Re: [PATCH trivial-v2] RCU: Call touch_nmi_watchdog() while printing stall warnings
From: Paul E. McKenney
Date: Tue Jan 09 2018 - 15:05:22 EST
On Tue, Jan 09, 2018 at 10:52:22AM -0800, Tejun Heo wrote:
> >From c1d1ae75ba4bde7c833560248b3f561085fa850e Mon Sep 17 00:00:00 2001
> From: Tejun Heo <tj@xxxxxxxxxx>
> Date: Tue, 9 Jan 2018 10:38:17 -0800
> Subject: [PATCH] RCU: Call touch_nmi_watchdog() while printing stall warnings
>
> When RCU stall warning triggers, it can print out a lot of messages
> while holding spinlocks. If the console device is slow (e.g. an
> actual or IPMI serial console), it may end up triggering NMI hard
> lockup watchdog like the following.
Queued for testing and review, thank you!
Thanx, Paul
> *** CPU printking while holding RCU spinlock
>
> PID: 4149739 TASK: ffff881a46baa880 CPU: 13 COMMAND: "CPUThreadPool8"

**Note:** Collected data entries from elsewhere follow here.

(* For every positive integer $n$, $$n^2-1\ \Big|\ \sum_{k=0}^{n-1}\binom{n-1}{k}\binom{-n-1}{k}C_k3^{n-1-k}a(n,k),$$ where $$a(n,k)=4k^2n^2-8kn^3-14k^2n-14kn^2-4n^3+13k^2-11kn-26n^2+39k+4n+26.$$
   Context: $C_k=\binom{2k}{k}/(k+1)$; $\binom{x}{k}=x(x-1)\cdots(x-k+1)/k!$ for any integer $x$. Divisibility by $0$ means the quantity equals $0$. *)

From mathcomp Require Import all_boot all_order all_algebra.
Set Implicit Arguments. Unset Strict Implicit. Unset Printing Implicit Defensive.
Import Order.TTheory GRing.Theory Num.Theory.
Local Open Scope ring_scope.

(* Generalized binomial coefficient for integer x:
   binomz x k = x(x-1)...(x-k+1)/k!  (the division is exact). *)
Definition binomz (x : int) (k : nat) : int :=
  ((\prod_(i < k) (x - i%:Z)) %/ (k`!)%:Z)%Z.

Definition catalan (k : nat) : nat := ('C(k.*2, k) %/ k.+1)%N.

Definition a_nk (n k : int) : int :=
  4*k^+2*n^+2 - 8*k*n^+3 - 14*k^+2*n - 14*k*n^+2 - 4*n^+3 + 13*k^+2
  - 11*k*n - 26*n^+2 + 39*k + 4*n + 26.

(* Each summand is already a multiple of n^2 - 1.  For natural numbers the
   generalized binomials are binom(n-1, k) = C(n-1, k) and
   binom(-n-1, k) = (-1)^k C(n+k, k); moreover n-1 divides k C(n-1, k) and
   n+1 divides k C(n+k, k).  Writing
     a(n,k) = A k^2 + B (n-1) k + 3 (n+1) k + D (n^2-1)
   with polynomial coefficients A, B, D in n, every term of
   C(n-1,k) C(n+k,k) a(n,k) then picks up a factor n-1 and a factor n+1. *)

From mathcomp Require Import all_boot all_order all_algebra.
From mathcomp Require Import ring.
Import GRing.Theory Num.Theory.
Local Open Scope ring_scope.

Lemma prodz_sub_ffact (m k : nat) :
  \prod_(i < k) (m%:Z - i%:Z) = (m ^_ k)%:Z.
Proof.
elim: k => [|k IHk]; first by rewrite big_ord0 ffactn0.
rewrite big_ord_recr /= IHk ffactnSr.
have [le_km | lt_mk] := leqP k m; first by rewrite subzn.
by rewrite ffact_small // mul0r.
Qed.

Lemma prodz_opp_sub_ffact (n k : nat) :
  \prod_(i < k) (- n%:Z - 1 - i%:Z) = (-1) ^+ k * ((n + k) ^_ k)%:Z.
Proof.
elim: k => [|k IHk]; first by rewrite big_ord0 ffactn0 mulr1.
rewrite big_ord_recr /= IHk addnS ffactSS PoszM -[(n + k).+1]addn1 !PoszD exprS.
ring.
Qed.

Lemma binomz_nat (m k : nat) : binomz m%:Z k = ('C(m, k))%:Z.
Proof.
by rewrite /binomz prodz_sub_ffact -bin_ffact PoszM mulzK // -lt0n fact_gt0.
Qed.

Lemma binomz_opp_subr1 (n k : nat) :
  binomz (- n%:Z - 1) k = (-1) ^+ k * ('C(n + k, k))%:Z.
Proof.
by rewrite /binomz prodz_opp_sub_ffact -bin_ffact PoszM mulrA mulzK // -lt0n fact_gt0.
Qed.

Lemma dvdn_mul_bin (m k : nat) : (m %| k * 'C(m, k))%N.
Proof.
case: k => [|k]; first by rewrite mul0n dvdn0.
by rewrite -mul_bin_diag dvdn_mulr.
Qed.

Lemma dvdn_mul_bin_addn (n k : nat) : (n.+1 %| k * 'C(n + k, k))%N.
Proof.
case: k => [|k]; first by rewrite mul0n dvdn0.
by rewrite mul_bin_left addnS subSn ?leq_addl // addnK dvdn_mulr.
Qed.

Lemma dvdz_mul_a_nk (n k p q : int) :
  (n - 1 %| k * p)%Z -> (n + 1 %| k * q)%Z -> (n ^+ 2 - 1 %| p * q * a_nk n k)%Z.
Proof.
move=> dvd_kp dvd_kq.
have sqrB1 : n ^+ 2 - 1 = (n - 1) * (n + 1) by ring.
have dvd_kpkq : (n ^+ 2 - 1 %| (k * p) * (k * q))%Z by rewrite sqrB1 dvdz_mul.
have dvd_kq_n : (n ^+ 2 - 1 %| (n - 1) * (k * q))%Z by rewrite sqrB1 dvdz_mul.
have dvd_kp_n : (n ^+ 2 - 1 %| (n + 1) * (k * p))%Z
  by rewrite sqrB1 mulrC dvdz_mul.
have -> : p * q * a_nk n k =
    (4 * n ^+ 2 - 14 * n + 13) * ((k * p) * (k * q))
    - (8 * n ^+ 2 + 22 * n + 36) * p * ((n - 1) * (k * q))
    + 3 * q * ((n + 1) * (k * p))
    - 2 * (2 * n + 13) * p * q * (n ^+ 2 - 1).
  by rewrite /a_nk; ring.
by rewrite !(rpredB, rpredD) //; apply: dvdz_mull; rewrite ?dvdzz.
Qed.

Theorem lemma3p3 (n : nat) (hn : (0 < n)%N) :
  ((n%:Z ^+ 2 - 1) %|
     \sum_(k < n) binomz (n.-1)%:Z k * binomz (- n%:Z - 1) k
        * (catalan k)%:Z * 3 ^+ (n.-1 - k) * a_nk n%:Z k%:Z)%Z.
Proof.
apply: rpred_sum => k _.
rewrite binomz_nat binomz_opp_subr1.
have n_subr1 : n%:Z - 1 = (n.-1)%:Z by rewrite -{1}(prednK hn) -addn1 PoszD addrK.
have n_addr1 : n%:Z + 1 = (n.+1)%:Z by rewrite -addn1 PoszD.
have dvd_term : (n%:Z ^+ 2 - 1 %|
                 ('C(n.-1, k))%:Z * ('C(n + k, k))%:Z * a_nk n%:Z k%:Z)%Z.
  apply: dvdz_mul_a_nk; rewrite ?n_subr1 ?n_addr1.
  - exact: dvdn_mul_bin.
  - exact: dvdn_mul_bin_addn.
have := dvdz_mull ((-1) ^+ k * (catalan k)%:Z * 3 ^+ (n.-1 - k)) dvd_term.
by congr (_ %| _)%Z; ring.
Qed.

> #0 [ffff881fff945e48] crash_nmi_callback at ffffffff8103f7d0
> #1 [ffff881fff945e58] nmi_handle at ffffffff81020653
> #2 [ffff881fff945eb0] default_do_nmi at ffffffff81020c36
> #3 [ffff881fff945ed0] do_nmi at ffffffff81020d32
> #4 [ffff881fff945ef0] end_repeat_nmi at ffffffff81956a7e
> [exception RIP: io_serial_in+21]
> RIP: ffffffff81630e55 RSP: ffff881fff943b88 RFLAGS: 00000002
> RAX: 000000000000ca00 RBX: ffffffff8230e188 RCX: 0000000000000000
> RDX: 00000000000002fd RSI: 0000000000000005 RDI: ffffffff8230e188
> RBP: ffff881fff943bb0 R8: 0000000000000000 R9: ffffffff820cb3c4
> R10: 0000000000000019 R11: 0000000000002000 R12: 00000000000026e1
> R13: 0000000000000020 R14: ffffffff820cd398 R15: 0000000000000035
> ORIG_RAX: ffffffffffffffff CS: 0010 SS: 0000
> --- <NMI exception stack> ---
> #5 [ffff881fff943b88] io_serial_in at ffffffff81630e55
> #6 [ffff881fff943b90] wait_for_xmitr at ffffffff8163175c
> #7 [ffff881fff943bb8] serial8250_console_putchar at ffffffff816317dc
> #8 [ffff881fff943bd8] uart_console_write at ffffffff8162ac00
> #9 [ffff881fff943c08] serial8250_console_write at ffffffff81634691
> #10 [ffff881fff943c80] univ8250_console_write at ffffffff8162f7c2
> #11 [ffff881fff943c90] console_unlock at ffffffff810dfc55
> #12 [ffff881fff943cf0] vprintk_emit at ffffffff810dffb5
> #13 [ffff881fff943d50] vprintk_default at ffffffff810e01bf
> #14 [ffff881fff943d60] vprintk_func at ffffffff810e1127
> #15 [ffff881fff943d70] printk at ffffffff8119a8a4
> #16 [ffff881fff943dd0] print_cpu_stall_info at ffffffff810eb78c
> #17 [ffff881fff943e88] rcu_check_callbacks at ffffffff810ef133
> #18 [ffff881fff943ee8] update_process_times at ffffffff810f3497
> #19 [ffff881fff943f10] tick_sched_timer at ffffffff81103037
> #20 [ffff881fff943f38] __hrtimer_run_queues at ffffffff810f3f38
> #21 [ffff881fff943f88] hrtimer_interrupt at ffffffff810f442b
>
> *** CPU triggering the hardlockup watchdog
>
> PID: 4149709 TASK: ffff88010f88c380 CPU: 26 COMMAND: "CPUThreadPool35"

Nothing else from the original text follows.